Stored data entries
=== Section Start ===

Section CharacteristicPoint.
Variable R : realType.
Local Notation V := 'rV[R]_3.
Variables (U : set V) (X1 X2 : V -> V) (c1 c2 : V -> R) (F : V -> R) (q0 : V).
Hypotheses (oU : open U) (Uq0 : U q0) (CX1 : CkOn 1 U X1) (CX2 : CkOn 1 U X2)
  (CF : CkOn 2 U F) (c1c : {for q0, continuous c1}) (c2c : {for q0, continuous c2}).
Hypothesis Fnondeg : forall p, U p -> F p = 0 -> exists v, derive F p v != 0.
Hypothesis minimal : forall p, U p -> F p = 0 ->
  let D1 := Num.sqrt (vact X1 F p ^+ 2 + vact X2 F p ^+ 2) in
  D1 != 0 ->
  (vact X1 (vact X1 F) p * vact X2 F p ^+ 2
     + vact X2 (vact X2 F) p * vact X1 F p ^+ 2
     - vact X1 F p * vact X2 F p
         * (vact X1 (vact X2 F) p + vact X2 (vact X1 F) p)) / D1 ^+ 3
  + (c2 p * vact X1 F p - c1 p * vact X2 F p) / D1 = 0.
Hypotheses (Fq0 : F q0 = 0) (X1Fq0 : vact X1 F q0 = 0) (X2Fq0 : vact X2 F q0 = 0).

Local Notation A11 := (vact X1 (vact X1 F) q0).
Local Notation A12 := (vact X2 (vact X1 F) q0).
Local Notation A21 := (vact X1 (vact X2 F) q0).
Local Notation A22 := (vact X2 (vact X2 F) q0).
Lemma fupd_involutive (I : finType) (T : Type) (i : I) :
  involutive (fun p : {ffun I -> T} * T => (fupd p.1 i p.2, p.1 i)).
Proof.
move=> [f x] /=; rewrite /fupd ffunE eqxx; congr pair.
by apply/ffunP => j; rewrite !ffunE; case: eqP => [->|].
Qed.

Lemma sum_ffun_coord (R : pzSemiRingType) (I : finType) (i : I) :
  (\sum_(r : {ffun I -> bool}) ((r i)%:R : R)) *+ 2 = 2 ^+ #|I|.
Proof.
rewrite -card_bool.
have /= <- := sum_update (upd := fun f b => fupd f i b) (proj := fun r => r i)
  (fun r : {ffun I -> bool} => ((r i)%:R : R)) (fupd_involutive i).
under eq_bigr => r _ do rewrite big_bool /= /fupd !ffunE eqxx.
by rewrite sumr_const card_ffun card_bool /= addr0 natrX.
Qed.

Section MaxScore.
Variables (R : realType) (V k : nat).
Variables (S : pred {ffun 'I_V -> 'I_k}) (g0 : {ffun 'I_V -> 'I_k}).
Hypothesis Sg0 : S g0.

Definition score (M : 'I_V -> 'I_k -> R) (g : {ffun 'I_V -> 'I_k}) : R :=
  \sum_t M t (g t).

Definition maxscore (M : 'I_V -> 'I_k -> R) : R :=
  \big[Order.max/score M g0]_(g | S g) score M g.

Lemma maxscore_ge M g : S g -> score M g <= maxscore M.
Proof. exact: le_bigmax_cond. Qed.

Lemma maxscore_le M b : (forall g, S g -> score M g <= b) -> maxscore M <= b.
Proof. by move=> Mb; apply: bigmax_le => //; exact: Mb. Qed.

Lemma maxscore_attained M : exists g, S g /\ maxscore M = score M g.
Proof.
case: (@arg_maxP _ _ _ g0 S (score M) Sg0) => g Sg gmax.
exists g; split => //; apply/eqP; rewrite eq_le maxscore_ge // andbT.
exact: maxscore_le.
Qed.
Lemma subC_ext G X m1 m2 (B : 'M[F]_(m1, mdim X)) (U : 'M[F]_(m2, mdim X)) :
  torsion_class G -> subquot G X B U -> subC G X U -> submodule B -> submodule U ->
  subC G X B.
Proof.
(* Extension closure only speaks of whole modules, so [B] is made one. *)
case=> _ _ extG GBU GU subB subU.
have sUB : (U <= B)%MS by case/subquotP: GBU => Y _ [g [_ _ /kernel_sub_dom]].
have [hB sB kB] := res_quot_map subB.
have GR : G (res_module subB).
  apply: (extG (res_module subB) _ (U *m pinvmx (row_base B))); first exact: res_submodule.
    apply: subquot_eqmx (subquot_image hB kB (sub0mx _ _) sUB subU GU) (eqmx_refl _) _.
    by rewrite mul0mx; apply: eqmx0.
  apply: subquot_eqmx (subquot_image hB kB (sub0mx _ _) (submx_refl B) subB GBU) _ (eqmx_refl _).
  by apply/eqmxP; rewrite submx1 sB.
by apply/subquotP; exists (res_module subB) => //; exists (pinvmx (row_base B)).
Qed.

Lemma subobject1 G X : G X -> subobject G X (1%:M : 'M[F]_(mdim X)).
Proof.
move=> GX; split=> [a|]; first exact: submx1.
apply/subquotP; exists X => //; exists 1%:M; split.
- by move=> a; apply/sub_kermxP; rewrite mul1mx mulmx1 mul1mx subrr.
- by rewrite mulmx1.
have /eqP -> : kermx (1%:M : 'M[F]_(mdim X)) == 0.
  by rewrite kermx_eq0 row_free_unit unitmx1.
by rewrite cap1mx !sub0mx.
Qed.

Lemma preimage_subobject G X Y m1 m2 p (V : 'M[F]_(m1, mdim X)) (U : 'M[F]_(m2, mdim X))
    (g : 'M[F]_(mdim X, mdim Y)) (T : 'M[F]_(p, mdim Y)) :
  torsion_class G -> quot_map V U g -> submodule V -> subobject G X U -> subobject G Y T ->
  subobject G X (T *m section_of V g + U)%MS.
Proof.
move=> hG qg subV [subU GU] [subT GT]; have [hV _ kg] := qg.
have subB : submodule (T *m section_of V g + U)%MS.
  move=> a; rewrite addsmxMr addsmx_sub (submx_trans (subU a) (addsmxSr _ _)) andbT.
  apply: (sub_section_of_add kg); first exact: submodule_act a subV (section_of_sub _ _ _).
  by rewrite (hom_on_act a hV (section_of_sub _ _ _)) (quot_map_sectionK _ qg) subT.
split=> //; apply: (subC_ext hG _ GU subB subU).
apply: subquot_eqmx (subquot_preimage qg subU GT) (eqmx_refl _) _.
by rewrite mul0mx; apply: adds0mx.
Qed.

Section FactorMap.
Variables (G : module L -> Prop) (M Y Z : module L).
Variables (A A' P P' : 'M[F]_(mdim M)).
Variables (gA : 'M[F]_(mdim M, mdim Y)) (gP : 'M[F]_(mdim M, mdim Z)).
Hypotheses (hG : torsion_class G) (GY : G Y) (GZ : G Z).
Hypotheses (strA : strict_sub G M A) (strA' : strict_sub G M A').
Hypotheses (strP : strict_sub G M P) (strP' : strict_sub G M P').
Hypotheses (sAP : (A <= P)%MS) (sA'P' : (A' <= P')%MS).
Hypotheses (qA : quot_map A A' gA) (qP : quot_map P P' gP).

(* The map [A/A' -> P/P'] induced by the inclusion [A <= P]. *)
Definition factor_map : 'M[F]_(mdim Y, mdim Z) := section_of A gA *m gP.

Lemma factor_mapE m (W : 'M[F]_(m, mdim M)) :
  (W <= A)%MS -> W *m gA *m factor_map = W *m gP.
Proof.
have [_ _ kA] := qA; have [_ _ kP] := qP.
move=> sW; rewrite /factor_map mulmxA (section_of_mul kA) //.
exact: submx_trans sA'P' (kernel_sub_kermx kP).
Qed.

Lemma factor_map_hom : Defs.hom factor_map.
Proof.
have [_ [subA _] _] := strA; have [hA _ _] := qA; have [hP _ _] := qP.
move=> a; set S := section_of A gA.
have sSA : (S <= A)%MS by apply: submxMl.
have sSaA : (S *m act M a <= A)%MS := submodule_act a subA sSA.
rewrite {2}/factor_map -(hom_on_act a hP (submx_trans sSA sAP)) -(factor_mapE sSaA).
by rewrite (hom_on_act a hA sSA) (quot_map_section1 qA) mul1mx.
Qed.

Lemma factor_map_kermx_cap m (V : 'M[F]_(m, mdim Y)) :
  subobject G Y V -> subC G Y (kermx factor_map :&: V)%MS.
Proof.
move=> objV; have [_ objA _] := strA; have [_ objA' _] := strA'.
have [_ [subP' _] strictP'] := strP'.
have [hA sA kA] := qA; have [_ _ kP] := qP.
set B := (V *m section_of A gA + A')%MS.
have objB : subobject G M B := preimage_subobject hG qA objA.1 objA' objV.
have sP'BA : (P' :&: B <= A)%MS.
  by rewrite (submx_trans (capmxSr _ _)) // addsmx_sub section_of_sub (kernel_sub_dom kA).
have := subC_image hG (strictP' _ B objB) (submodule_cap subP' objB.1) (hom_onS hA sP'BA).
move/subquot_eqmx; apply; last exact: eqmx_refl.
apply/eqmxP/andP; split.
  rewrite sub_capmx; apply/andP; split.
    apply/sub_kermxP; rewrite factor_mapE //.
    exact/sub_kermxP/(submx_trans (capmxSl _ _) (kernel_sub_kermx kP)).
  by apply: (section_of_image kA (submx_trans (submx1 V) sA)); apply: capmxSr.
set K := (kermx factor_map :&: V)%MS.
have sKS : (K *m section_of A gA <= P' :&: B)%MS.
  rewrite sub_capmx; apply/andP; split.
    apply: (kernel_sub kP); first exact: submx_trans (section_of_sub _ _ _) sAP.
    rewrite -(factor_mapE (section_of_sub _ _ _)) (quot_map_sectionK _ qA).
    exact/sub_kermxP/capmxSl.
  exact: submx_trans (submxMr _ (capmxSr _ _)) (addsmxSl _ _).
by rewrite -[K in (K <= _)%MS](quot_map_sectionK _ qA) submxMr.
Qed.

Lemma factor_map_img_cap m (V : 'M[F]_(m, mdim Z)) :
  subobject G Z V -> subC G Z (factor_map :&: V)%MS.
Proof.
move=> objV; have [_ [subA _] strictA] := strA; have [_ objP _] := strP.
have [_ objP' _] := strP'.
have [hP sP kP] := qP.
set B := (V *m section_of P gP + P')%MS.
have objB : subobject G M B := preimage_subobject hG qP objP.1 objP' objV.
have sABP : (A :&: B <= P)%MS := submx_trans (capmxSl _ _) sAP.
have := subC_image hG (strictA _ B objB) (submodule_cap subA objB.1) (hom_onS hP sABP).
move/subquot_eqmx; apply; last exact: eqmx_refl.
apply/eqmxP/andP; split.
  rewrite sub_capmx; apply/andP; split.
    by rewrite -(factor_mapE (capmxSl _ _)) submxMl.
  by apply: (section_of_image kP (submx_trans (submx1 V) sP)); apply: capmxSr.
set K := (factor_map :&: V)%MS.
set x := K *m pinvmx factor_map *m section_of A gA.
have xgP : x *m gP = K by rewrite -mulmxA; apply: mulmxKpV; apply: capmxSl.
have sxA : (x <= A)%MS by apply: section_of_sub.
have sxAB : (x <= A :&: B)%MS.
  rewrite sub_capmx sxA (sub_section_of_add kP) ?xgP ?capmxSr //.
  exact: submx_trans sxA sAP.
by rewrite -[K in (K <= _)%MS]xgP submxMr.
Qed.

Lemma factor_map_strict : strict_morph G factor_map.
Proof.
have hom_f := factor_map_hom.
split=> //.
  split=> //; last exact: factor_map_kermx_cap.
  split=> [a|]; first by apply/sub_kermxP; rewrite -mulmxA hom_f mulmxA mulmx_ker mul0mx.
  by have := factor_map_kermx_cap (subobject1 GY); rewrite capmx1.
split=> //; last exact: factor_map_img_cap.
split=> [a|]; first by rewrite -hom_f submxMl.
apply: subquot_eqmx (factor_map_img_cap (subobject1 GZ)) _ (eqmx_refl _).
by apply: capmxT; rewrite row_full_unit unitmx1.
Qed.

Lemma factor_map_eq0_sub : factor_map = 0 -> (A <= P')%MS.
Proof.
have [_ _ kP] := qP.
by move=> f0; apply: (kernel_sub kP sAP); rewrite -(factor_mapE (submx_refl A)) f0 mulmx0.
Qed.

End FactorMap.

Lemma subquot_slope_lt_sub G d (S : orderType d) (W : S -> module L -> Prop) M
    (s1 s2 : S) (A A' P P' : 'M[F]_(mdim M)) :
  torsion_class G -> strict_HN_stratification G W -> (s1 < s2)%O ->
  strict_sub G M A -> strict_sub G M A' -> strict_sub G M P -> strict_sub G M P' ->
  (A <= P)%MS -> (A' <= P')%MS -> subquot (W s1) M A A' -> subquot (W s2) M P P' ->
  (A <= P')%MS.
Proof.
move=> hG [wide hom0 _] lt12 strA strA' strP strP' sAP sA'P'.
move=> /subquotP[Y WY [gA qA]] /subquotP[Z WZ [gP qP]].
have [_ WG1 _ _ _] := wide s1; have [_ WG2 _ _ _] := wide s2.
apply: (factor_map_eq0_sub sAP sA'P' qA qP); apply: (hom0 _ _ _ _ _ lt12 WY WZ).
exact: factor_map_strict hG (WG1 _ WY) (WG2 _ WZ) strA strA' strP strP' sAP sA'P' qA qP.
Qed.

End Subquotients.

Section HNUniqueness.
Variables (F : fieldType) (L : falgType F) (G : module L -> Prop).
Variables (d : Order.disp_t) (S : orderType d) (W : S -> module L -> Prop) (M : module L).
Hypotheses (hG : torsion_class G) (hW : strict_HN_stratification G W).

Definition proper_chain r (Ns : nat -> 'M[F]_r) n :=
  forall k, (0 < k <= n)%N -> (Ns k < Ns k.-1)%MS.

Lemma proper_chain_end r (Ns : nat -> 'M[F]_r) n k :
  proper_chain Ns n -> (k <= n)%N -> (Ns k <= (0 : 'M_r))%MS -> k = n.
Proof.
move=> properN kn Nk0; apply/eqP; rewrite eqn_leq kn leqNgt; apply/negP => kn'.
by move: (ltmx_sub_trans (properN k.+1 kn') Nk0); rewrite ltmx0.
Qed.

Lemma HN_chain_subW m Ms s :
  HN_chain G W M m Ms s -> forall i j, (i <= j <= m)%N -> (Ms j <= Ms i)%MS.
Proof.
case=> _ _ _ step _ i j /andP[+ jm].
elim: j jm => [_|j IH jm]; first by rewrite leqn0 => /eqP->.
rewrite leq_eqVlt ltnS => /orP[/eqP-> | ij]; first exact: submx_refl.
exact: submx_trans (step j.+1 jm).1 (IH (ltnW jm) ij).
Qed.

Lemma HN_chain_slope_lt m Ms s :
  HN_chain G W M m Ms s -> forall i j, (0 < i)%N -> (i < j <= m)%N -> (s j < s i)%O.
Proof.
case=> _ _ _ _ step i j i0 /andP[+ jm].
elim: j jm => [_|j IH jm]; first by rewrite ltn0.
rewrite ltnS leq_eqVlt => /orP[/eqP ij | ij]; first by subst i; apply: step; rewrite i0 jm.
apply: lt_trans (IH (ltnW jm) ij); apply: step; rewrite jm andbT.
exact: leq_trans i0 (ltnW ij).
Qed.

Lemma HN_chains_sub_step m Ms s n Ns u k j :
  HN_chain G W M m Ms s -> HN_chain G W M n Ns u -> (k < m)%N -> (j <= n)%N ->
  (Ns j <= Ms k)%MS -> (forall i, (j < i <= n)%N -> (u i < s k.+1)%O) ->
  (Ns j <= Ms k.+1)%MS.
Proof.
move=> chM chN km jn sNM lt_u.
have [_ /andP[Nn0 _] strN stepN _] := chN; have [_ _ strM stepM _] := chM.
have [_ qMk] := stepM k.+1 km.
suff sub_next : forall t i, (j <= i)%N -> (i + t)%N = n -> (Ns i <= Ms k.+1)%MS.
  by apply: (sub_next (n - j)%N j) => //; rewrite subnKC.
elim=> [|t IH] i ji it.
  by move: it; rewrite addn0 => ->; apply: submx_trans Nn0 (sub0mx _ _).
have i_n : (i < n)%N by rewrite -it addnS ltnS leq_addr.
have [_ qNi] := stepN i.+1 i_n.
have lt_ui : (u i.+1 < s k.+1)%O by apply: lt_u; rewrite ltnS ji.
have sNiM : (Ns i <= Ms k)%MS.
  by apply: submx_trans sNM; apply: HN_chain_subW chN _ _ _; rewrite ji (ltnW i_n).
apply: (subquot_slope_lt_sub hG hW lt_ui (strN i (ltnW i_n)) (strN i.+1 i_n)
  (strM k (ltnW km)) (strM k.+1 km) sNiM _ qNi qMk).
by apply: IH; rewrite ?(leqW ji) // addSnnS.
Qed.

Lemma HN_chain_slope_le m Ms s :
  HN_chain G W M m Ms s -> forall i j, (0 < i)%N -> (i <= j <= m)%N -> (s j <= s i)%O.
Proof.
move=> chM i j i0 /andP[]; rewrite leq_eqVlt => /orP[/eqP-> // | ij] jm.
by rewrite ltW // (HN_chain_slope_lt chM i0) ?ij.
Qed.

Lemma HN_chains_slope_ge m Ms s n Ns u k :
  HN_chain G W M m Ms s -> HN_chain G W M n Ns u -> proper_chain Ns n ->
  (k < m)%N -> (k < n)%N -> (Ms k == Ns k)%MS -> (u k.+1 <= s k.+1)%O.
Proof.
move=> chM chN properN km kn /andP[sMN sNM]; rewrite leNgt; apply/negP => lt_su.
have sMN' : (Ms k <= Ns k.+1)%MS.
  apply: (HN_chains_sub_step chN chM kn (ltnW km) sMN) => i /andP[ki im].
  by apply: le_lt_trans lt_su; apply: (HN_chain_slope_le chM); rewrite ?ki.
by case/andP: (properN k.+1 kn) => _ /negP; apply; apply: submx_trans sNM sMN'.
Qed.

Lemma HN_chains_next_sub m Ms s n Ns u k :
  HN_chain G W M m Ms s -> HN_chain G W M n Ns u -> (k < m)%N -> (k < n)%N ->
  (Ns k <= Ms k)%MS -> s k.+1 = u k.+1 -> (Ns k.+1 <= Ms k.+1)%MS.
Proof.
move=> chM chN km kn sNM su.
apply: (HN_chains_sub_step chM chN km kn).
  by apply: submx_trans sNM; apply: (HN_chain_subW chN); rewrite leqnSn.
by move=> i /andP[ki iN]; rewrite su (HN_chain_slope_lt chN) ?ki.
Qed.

=== Section End ===

* **Brief**:
Using the data above, print exactly the lines from the line that contains "have i_n : (i" through the line that contains "Lemma HN_chains_slope_ge m", with both included.

* **Finished exercise**:
have i_n : (i < n)%N by rewrite -it addnS ltnS leq_addr.
have [_ qNi] := stepN i.+1 i_n.
have lt_ui : (u i.+1 < s k.+1)%O by apply: lt_u; rewrite ltnS ji.
have sNiM : (Ns i <= Ms k)%MS.
  by apply: submx_trans sNM; apply: HN_chain_subW chN _ _ _; rewrite ji (ltnW i_n).
apply: (subquot_slope_lt_sub hG hW lt_ui (strN i (ltnW i_n)) (strN i.+1 i_n)
  (strM k (ltnW km)) (strM k.+1 km) sNiM _ qNi qMk).
by apply: IH; rewrite ?(leqW ji) // addSnnS.
Qed.

Lemma HN_chain_slope_le m Ms s :
  HN_chain G W M m Ms s -> forall i j, (0 < i)%N -> (i <= j <= m)%N -> (s j <= s i)%O.
Proof.
move=> chM i j i0 /andP[]; rewrite leq_eqVlt => /orP[/eqP-> // | ij] jm.
by rewrite ltW // (HN_chain_slope_lt chM i0) ?ij.
Qed.

Lemma HN_chains_slope_ge m Ms s n Ns u k :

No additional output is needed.